Il presidente americano ha chiarito le sue intenzioni ieri durante il suo intervento a distanza al Forum economico mondiale (WEF) di Davos. “Il mio messaggio a tutte le aziende del mondo è semplice: venite a produrre i vostri prodotti in America e beneficerete di tasse tra le più basse al mondo. Ma se non li producete negli Stati Uniti, come è vostro diritto, allora, molto semplicemente, dovrete pagare dei dazi”. Come noto Trump ha minacciato imposizioni dal 20% al 60%: ma a partire dal primo febbraio, e non dal primo giorno del suo mandato, come aveva minacciato di fare in precedenza, uno slittamento volto a guadagnare tempo per negoziare.
Con il Messico, l’obiettivo sarebbe che le autorità del vicino meridionale “controllino più strettamente il confine con gli Stati Uniti, al fine di ridurre il tasso di immigrazione illegale”, osserva il professionista degli investimenti. I 10’000 soldati che la nuova amministrazione vuole inviare al confine sud potrebbero infatti non essere sufficienti ad arginare l’immigrazione.

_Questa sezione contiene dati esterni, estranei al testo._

(* Let $\beta,\lambda,\gamma,M,k_\omega,k_{P_\omega}>0$, $q\ge 1$ and $\omega^*\ge 0$, and consider the system for $E,I\ge 0$, $\omega,P_\omega$: $$\frac{dE}{dt}=\beta(1-\omega)I-\lambda E,\quad \frac{dI}{dt}=\lambda E-\gamma I,\quad \frac{d\omega}{dt}=k_\omega\left(\frac{(\lambda E)^q}{M^q+(\lambda E)^q}(1-\omega^*P_\omega)-\omega\right),\quad \frac{dP_\omega}{dt}=k_{P_\omega}(\omega-P_\omega).$$ Then: 1. If $\beta<\gamma$, the only physically meaningful steady state (with $E,I\ge 0$) is the disease-free steady state $(E,I,\omega,P_\omega)=(0,0,0,0)$, and it is asymptotically stable. 2. If $0<\beta-\gamma<\frac{\gamma}{\omega^*}$, the disease-free steady state is unstable, and the endemic steady state $$(\bar E,\bar I,\bar\omega,\bar P_\omega)=\left(\frac{M}{\lambda}X^{1/q},\ \frac{M}{\gamma}X^{1/q},\ \frac{\beta-\gamma}{\beta},\ \frac{\beta-\gamma}{\beta}\right),\qquad X=\frac{\beta-\gamma}{\gamma-\omega^*(\beta-\gamma)},$$ is positive and asymptotically stable. Furthermore, trajectories near the endemic steady state may or may not exhibit oscillatory behavior, depending on the parameter values. 3. If $\beta-\gamma>\frac{\gamma}{\omega^*}$, the only physically meaningful steady state is the disease-free steady state, and it is unstable.
   Context: This is a reduced (early-outbreak, one-delay) SEIR behavior-perception model in which the fear of infection has been replaced by its quasi-steady value $(\lambda E)^q/(M^q+(\lambda E)^q)$: $E$ = exposed, $I$ = infectious, $\omega$ = social distancing level, $P_\omega$ = perceived frustration with social distancing; $\beta$ = transmission rate, $\lambda^{-1}$ = incubation period, $\gamma^{-1}$ = infectious period, $k_\omega,k_{P_\omega}$ = rates of change, $M$ = threshold of new daily infections, $q$ = Hill steepness, $\omega^*$ = maximal reduction of social distancing due to frustration. Convention: when $\omega^*=0$ (''no frustration'' case), $\gamma/\omega^*$ is read as $+\infty$. Stability refers to local stability of equilibria. *)

From HB Require Import structures.
From mathcomp Require Import all_boot all_order all_algebra.
From mathcomp Require Import all_classical all_reals all_analysis.
From mathcomp Require Import complex.
Set Implicit Arguments. Unset Strict Implicit. Unset Printing Implicit Defensive.
Import Order.TTheory GRing.Theory Num.Theory.
Import numFieldNormedType.Exports.
Local Open Scope classical_set_scope.
Local Open Scope ring_scope.

Section SEIR.
Variable R : realType.

(* State vector x : 'rV[R]_4 with coordinates
   x 0 0 = E, x 0 1 = I, x 0 2 = omega, x 0 3 = P_omega. *)
Definition sE (x : 'rV[R]_4) := x ord0 (inord 0).
Definition sI (x : 'rV[R]_4) := x ord0 (inord 1).
Definition sW (x : 'rV[R]_4) := x ord0 (inord 2).
Definition sP (x : 'rV[R]_4) := x ord0 (inord 3).

Definition mkstate (E I w P : R) : 'rV[R]_4 :=
  \row_(i < 4) match val i with 0 => E | 1 => I | 2 => w | _ => P end.

Definition fear (lam M q E : R) : R :=
  (lam * E) `^ q / (M `^ q + (lam * E) `^ q).

Definition seir_field (beta lam gam M q kw kP ws : R) (x : 'rV[R]_4) : 'rV[R]_4 :=
  mkstate
    (beta * (1 - sW x) * sI x - lam * sE x)
    (lam * sE x - gam * sI x)
    (kw * (fear lam M q (sE x) * (1 - ws * sP x) - sW x))
    (kP * (sW x - sP x)).

Definition steady_state (F : 'rV[R]_4 -> 'rV[R]_4) (x : 'rV[R]_4) := F x = 0.

Definition phys (x : 'rV[R]_4) := 0 <= sE x /\ 0 <= sI x.

(* Partial derivatives are
   taken from the right (the state space has E >= 0, and the Hill term is only
   defined for E >= 0); where F is differentiable this is the usual derivative. *)
Definition is_jacobian (F : 'rV[R]_4 -> 'rV[R]_4) (x : 'rV[R]_4) (J : 'M[R]_4) :=
  forall i j : 'I_4,
    (fun h : R => (F (x + h *: delta_mx ord0 j) ord0 i - F x ord0 i) / h)
      @ (0 : R)^'+ --> J i j.

Definition eigenvalue (J : 'M[R]_4) (z : R[i]) :=
  root (map_poly (real_complex R) (char_poly J)) z.

Definition loc_asym_stable (F : 'rV[R]_4 -> 'rV[R]_4) (x : 'rV[R]_4) :=
  exists J, is_jacobian F x J /\ forall z, eigenvalue J z -> Re z < 0.

Definition loc_unstable (F : 'rV[R]_4 -> 'rV[R]_4) (x : 'rV[R]_4) :=
  exists J, is_jacobian F x J /\ exists z, eigenvalue J z /\ 0 < Re z.

Definition loc_oscillatory (F : 'rV[R]_4 -> 'rV[R]_4) (x : 'rV[R]_4) :=
  exists J, is_jacobian F x J /\ exists z, eigenvalue J z /\ Im z != 0.

Definition gam_over_ws (gam ws : R) : \bar R :=
  if ws == 0 then +oo%E else (gam / ws)%:E.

Un aumento massiccio dei dazi “penalizzerebbe però profondamente le numerose aziende americane con sede in Messico, in particolare i fabbricanti di automobili”. Secondo il Dipartimento del commercio statunitense, l’anno scorso gli Stati Uniti hanno importato 2,7 milioni di veicoli “made in Mexico”, per un valore di 87 miliardi di dollari, e altri 64 miliardi di dollari di pezzi di ricambio tra gennaio e novembre 2024.

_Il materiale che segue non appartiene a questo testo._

Lemma S3_not_B0 (Q : 'I_6 -> segpath) : (forall i, seg_valid (Q i)) ->
  ~ (forall i j, i != j -> share_edge (Q i) (Q j) = S3 i j).
Proof.
move=> Qv QS3; pose E i j (hi : i < 6) (hj : j < 6) := QS3 (Ordinal hi) (Ordinal hj).
have e01 : share_edge _ _ = true := E 0 1 isT isT isT.
have e02 : share_edge _ _ = true := E 0 2 isT isT isT.
have e12 : share_edge _ _ = true := E 1 2 isT isT isT.
have e03 : share_edge _ _ = true := E 0 3 isT isT isT.
have e13 : share_edge _ _ = true := E 1 3 isT isT isT.
have e14 : share_edge _ _ = true := E 1 4 isT isT isT.
have e24 : share_edge _ _ = true := E 2 4 isT isT isT.
have e25 : share_edge _ _ = true := E 2 5 isT isT isT.
have e05 : share_edge _ _ = true := E 0 5 isT isT isT.
have n34 : share_edge _ _ = false := E 3 4 isT isT isT.
have n35 : share_edge _ _ = false := E 3 5 isT isT isT.
have n45 : share_edge _ _ = false := E 4 5 isT isT isT.
have n23 : share_edge _ _ = false := E 2 3 isT isT isT.
have n04 : share_edge _ _ = false := E 0 4 isT isT isT.
have n15 : share_edge _ _ = false := E 1 5 isT isT isT.
have [h1 l1] := share_edge_line e01; have [h2 l2] := share_edge_line e02.
have [h3 l3] := share_edge_line e03; have [h5 l5] := share_edge_line e05.
have [h4 l4] := share_edge_line e14.
move: e01 e02 e12 e03 e13 e14 e24 e25 e05 n34 n35 n45 n23 n04 n15.
rewrite !share_edge_on_line ?Qv //=; try congruence.
move: (Qv (Ordinal (isT : 0 < 6))) (Qv (Ordinal (isT : 1 < 6))) (Qv (Ordinal (isT : 2 < 6))).
move: (Qv (Ordinal (isT : 3 < 6))) (Qv (Ordinal (isT : 4 < 6))) (Qv (Ordinal (isT : 5 < 6))).
rewrite /seg_valid; lia.
Qed.

Lemma B0_no_induced_S3 (T : finType) (e : rel T) : B0 e -> ~ has_induced_S3 e.
Proof.
case=> P [P_valid P_rep] [f [f_inj f_S3]].
apply: (@S3_not_B0 (P \o f)) => [i|i j ij]; first exact: P_valid.
have fij : f i != f j by rewrite (inj_eq f_inj).
by rewrite -f_S3; apply/idP/idP => /(P_rep _ _ fij).
Qed.

(* Positions are read around a circle: [crossing a b c d] says that the chords ab and cd
   cross, [beside a b y z] that y and z lie on the same side of the chord ab. *)
Definition between (a b z : nat) := (a < z < b) || (b < z < a).
Definition outside (a b z : nat) := [&& z != a, z != b & ~~ between a b z].
Definition crossing (a b c d : nat) :=
  [&& c != a, c != b, d != a, d != b & between a b c != between a b d].
Definition beside (a b y z : nat) :=
  [&& y != a, y != b, z != a, z != b & between a b y == between a b z].

Tactic Notation "geometry" := unfold crossing, beside, outside, between in *; lia.
Tactic Notation "geometry" "using" ne_hyp_list(hs) := clear - hs; geometry.
Tactic Notation "lia" "using" ne_hyp_list(hs) := clear - hs; lia.

Lemma betweenC a b z : between a b z = between b a z.
Proof. by rewrite /between orbC. Qed.

Lemma crossingCr a b c d : crossing a b c d = crossing a b d c.
Proof. by geometry. Qed.

(* For positions below N, a rotation of the circle moving the positions below s last. *)
Definition rotate (N s x : nat) := if x < s then x + N else x.

Lemma rotate_inj N s x y : x < N -> y < N -> rotate N s x = rotate N s y -> x = y.
Proof. rewrite /rotate; do 2 case: ifP; move=> *; lia. Qed.

Lemma crossing_rotate N s a b c d : a < N -> b < N -> c < N -> d < N ->
  crossing (rotate N s a) (rotate N s b) (rotate N s c) (rotate N s d) = crossing a b c d.
Proof. rewrite /rotate; do 4 case: ifP; move=> *; geometry. Qed.

Lemma between_rotate N a b z : a != b -> a < N -> b < N -> z < N ->
  let r := rotate N (minn a b).+1 in between (r a) (r b) (r z) = outside a b z.
Proof. rewrite /rotate /=; do 3 case: ifP; move=> *; geometry. Qed.

Section Polygon.
Variables (T : finType) (e : rel T).
Hypotheses (esym : symmetric e) (eirr : irreflexive e).
Implicit Types (p : T -> nat) (S : {set T}).

Definition noncrossing p S := forall a b c d, a \in S -> b \in S -> c \in S -> d \in S ->
  e a b -> e c d -> ~~ crossing (p a) (p b) (p c) (p d).

Definition triangulated p S := forall a b, a \in S -> b \in S -> a != b -> ~~ e a b ->
  exists c d, [/\ c \in S, d \in S, e c d & crossing (p a) (p b) (p c) (p d)].

Definition triangulation p S := [/\ injective p, noncrossing p S & triangulated p S].

Definition ear S v u w := [/\ v \in S, u \in S, w \in S, e u w &
  forall y, y \in S -> e v y = (y == u) || (y == w)].

Lemma edge_neq a b : e a b -> a != b.
Proof. by apply: contraTneq => ->; rewrite eirr. Qed.

Lemma triangulation_rotate p S N s : (forall z, p z < N) ->
  triangulation p S -> triangulation (fun z => rotate N s (p z)) S.
Proof.
move=> pN [p_inj ncr tri]; split.
- by move=> y z /(rotate_inj (pN y) (pN z)) /p_inj.
- by move=> a b c d *; rewrite crossing_rotate //; exact: ncr.
- move=> a b aS bS ab nab; have [c [d [cS dS ecd X]]] := tri a b aS bS ab nab.
  by exists c, d; rewrite crossing_rotate.
Qed.

Lemma edge_of_empty_side p S a b : triangulation p S -> a \in S -> b \in S -> a != b ->
  {in S, forall z, ~~ between (p a) (p b) (p z)} \/
  {in S, forall z, ~~ outside (p a) (p b) (p z)} -> e a b.
Proof.
move=> [_ _ tri] aS bS ab empty; apply/idPn => nab.
have [c [d [cS dS _]]] := tri a b aS bS ab nab.
by case: empty => /[dup] /(_ c cS) + /(_ d dS); geometry.
Qed.

Lemma inner_triangle p S a b z : triangulation p S -> a \in S -> b \in S -> z \in S ->
  e a b -> between (p a) (p b) (p z) ->
  exists2 k, k \in S & [/\ between (p a) (p b) (p k), e a k & e k b].
Proof.
move=> tS; wlog ab : a b / p a < p b => [W aS bS zS eab azb|].
  case: (ltngtP (p a) (p b)) => [ab|ba|ab]; [exact: W | | by move: azb; rewrite ab; geometry].
  rewrite esym in eab; rewrite betweenC in azb.
  have [k kS [bkb ebk eka]] := W b a ba bS aS zS eab azb.
  by exists k; rewrite // betweenC [e a k]esym [e k b]esym.
move=> aS bS zS eab azb; have [p_inj ncr _] := tS.
pose inner y := (y \in S) && between (p a) (p b) (p y).
case: (arg_minnP p (_ : inner z)) => [|z0 /andP[z0S az0b] z0_min]; first exact/andP.
have eaz0 : e a z0.
  apply: (edge_of_empty_side tS) => //; first by apply: contraTneq az0b => <-; geometry.
  left=> y yS; apply/negP => ay; have := z0_min y; rewrite /inner yS /=.
  by move: ay az0b; geometry.
case: (@arg_maxnP _ z0 (fun y => inner y && e a y) p); first by rewrite /inner z0S az0b.
move=> k /andP[/andP[kS akb] eak] k_max; exists k => //; split=> //.
apply/idPn => nkb; have [_ _ tri] := tS.
have kb : k != b by apply: contraTneq akb => ->; geometry using ab.
have [c [d [cS dS ecd]]] := tri k b kS bS kb nkb.
wlog kcb : c d cS dS ecd / between (p k) (p b) (p c) => [W X|].
  have [kcb|kdb] : between (p k) (p b) (p c) \/ between (p k) (p b) (p d).
    by geometry using X.
  - exact: W c d cS dS ecd kcb X.
  - have edc : e d c by rewrite esym.
    by apply: (W d c dS cS edc kdb); rewrite crossingCr.
move=> X; have [[dab|dak]|/p_inj da] :
    (outside (p a) (p b) (p d) \/ between (p a) (p k) (p d)) \/ p d = p a.
- by geometry using X akb kcb ab.
- by have := ncr a b c d aS bS cS dS eab ecd; geometry using X akb kcb dab.
- by have := ncr a k c d aS kS cS dS eak ecd; geometry using X akb kcb dak.
- subst d; have := k_max c; rewrite /inner cS esym ecd andbT => kc.
  by geometry using X akb kcb ab kc.
Qed.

Trump potrebbe anche volere che l’esercito statunitense intervenga contro i cartelli della droga messicani, che il presidente ha classificato come organizzazioni terroristiche in un ordine esecutivo pubblicato lunedì, aggiunge Shing. Un’operazione del genere richiederebbe l’approvazione del governo messicano e consentirebbe anche di contrastare l’arrivo del fentanyl, un oppioide prodotto in Cina che sta causando una crisi sanitaria senza precedenti negli Stati Uniti e che transita attraverso il Messico.

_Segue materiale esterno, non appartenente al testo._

(* Let $K$ be a field, $A=K[X_1,\ldots,X_m]$ with $m\ge2$, and let $N,k\in\mathbb{N}$ and $q=p^e$ for a prime $p$ and $e\ge0$. Let $J=(X_1^N+X_2^N+\cdots+X_m^N,\ (X_2^q,X_3^q,\ldots,X_m^q)^k)$. If $>$ denotes the graded reverse lexicographic order with $X_1>X_2>\cdots>X_m$, then $$\mathrm{in}_>(J)=(X_1^N,\ (X_2^q,X_3^q,\ldots,X_m^q)^k).$$
   Context: $\mathrm{in}_>(J)$ denotes the initial ideal of $J$, generated by leading monomials of elements of $J$ with respect to $>$. *)

From HB Require Import structures.
From mathcomp Require Import all_boot all_order all_algebra.
From mathcomp Require Import mpoly.
Set Implicit Arguments. Unset Strict Implicit. Unset Printing Implicit Defensive.
Import GRing.Theory.
Local Open Scope ring_scope.

Section Ideals.
Variables (R : comRingType) (n : nat).
Local Notation P := {mpoly R[n]}.

Definition ideal_gen (S : P -> Prop) : P -> Prop :=
  fun p => exists l : seq (P * P),
    (forall x, x \in l -> S x.2) /\ p = \sum_(x <- l) x.1 * x.2.

Definition ideal_sum (I J : P -> Prop) : P -> Prop :=
  ideal_gen (fun p => I p \/ J p).
Definition ideal_mul (I J : P -> Prop) : P -> Prop :=
  ideal_gen (fun p => exists a b, I a /\ J b /\ p = a * b).
Definition ideal_pow (I : P -> Prop) (k : nat) : P -> Prop :=
  iter k (ideal_mul I) (ideal_gen (fun p => p = 1)).

(* graded reverse lexicographic order with X_0 > X_1 > ... > X_{n-1}:
   grevlex_lt a b  <->  a < b *)
Definition grevlex_lt (a b : 'X_{1..n}) : Prop :=
  (mdeg a < mdeg b)%N \/
  (mdeg a = mdeg b /\
   exists i : 'I_n, (b i < a i)%N /\ forall j : 'I_n, (i < j)%N -> a j = b j).

Definition is_lead_mon (f : P) (t : 'X_{1..n}) : Prop :=
  t \in msupp f /\ forall s, s \in msupp f -> s != t -> grevlex_lt s t.

Definition initial_ideal (J : P -> Prop) : P -> Prop :=
  ideal_gen (fun g => exists f t, J f /\ f != 0 /\ is_lead_mon f t /\ g = 'X_[t]).

End Ideals.

From HB Require Import structures.
From mathcomp Require Import all_boot all_order all_algebra.
From mathcomp Require Import mpoly.
Import GRing.Theory.
Local Open Scope ring_scope.
Set Implicit Arguments. Unset Strict Implicit.

(* Write F = X_1^N + ... + X_m^N and G_k = (X_2^q, ..., X_m^q)^k.  The proof
   rests on three general facts, developed in this order:
   - G_k is a monomial ideal: it consists of the polynomials all of whose
     exponents t are "heavy", i.e. sum_(i > 1) floor (t_i / q) >= k;
   - grevlex is a total monomial order, and X_1^N is the leading monomial of F
     (all monomials of F have the same degree and X_1 is the largest variable
     in the reverse lexicographic tie-break);
   - (lead_mon_combination) if m is the leading monomial of F and multiplying
     by m does not create heavy exponents, then the leading monomial of any
     a F + b with b in the monomial ideal is heavy or divisible by m.
   Since qweight ignores X_1, the last fact applies, so every leading
   monomial of J lies in (X_1^N, G_k); the converse inclusion holds because
   X_1^N = in(F) and every generator of G_k is its own leading monomial. *)

Section Ideals.
Variables (R : comNzRingType) (n : nat).
Local Notation P := {mpoly R[n]}.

Sempre stando all’esperto interpellato da Le Temps i dazi dovrebbero avere un impatto limitato sull’inflazione, poiché probabilmente aumenteranno gradualmente e non tanto quanto annunciato. In attesa di conoscere i dettagli della politica di Trump in questo settore, resta inoltre una realtà elettorale: “L’inflazione è la principale preoccupazione degli americani e se non sarà tenuta sotto controllo dalla nuova amministrazione, i repubblicani potrebbero perdere la loro risicata maggioranza alla Camera dei Rappresentanti nelle elezioni di medio termine del 2026, il che complicherebbe in modo massiccio il resto del mandato di Trump”, conclude Shing.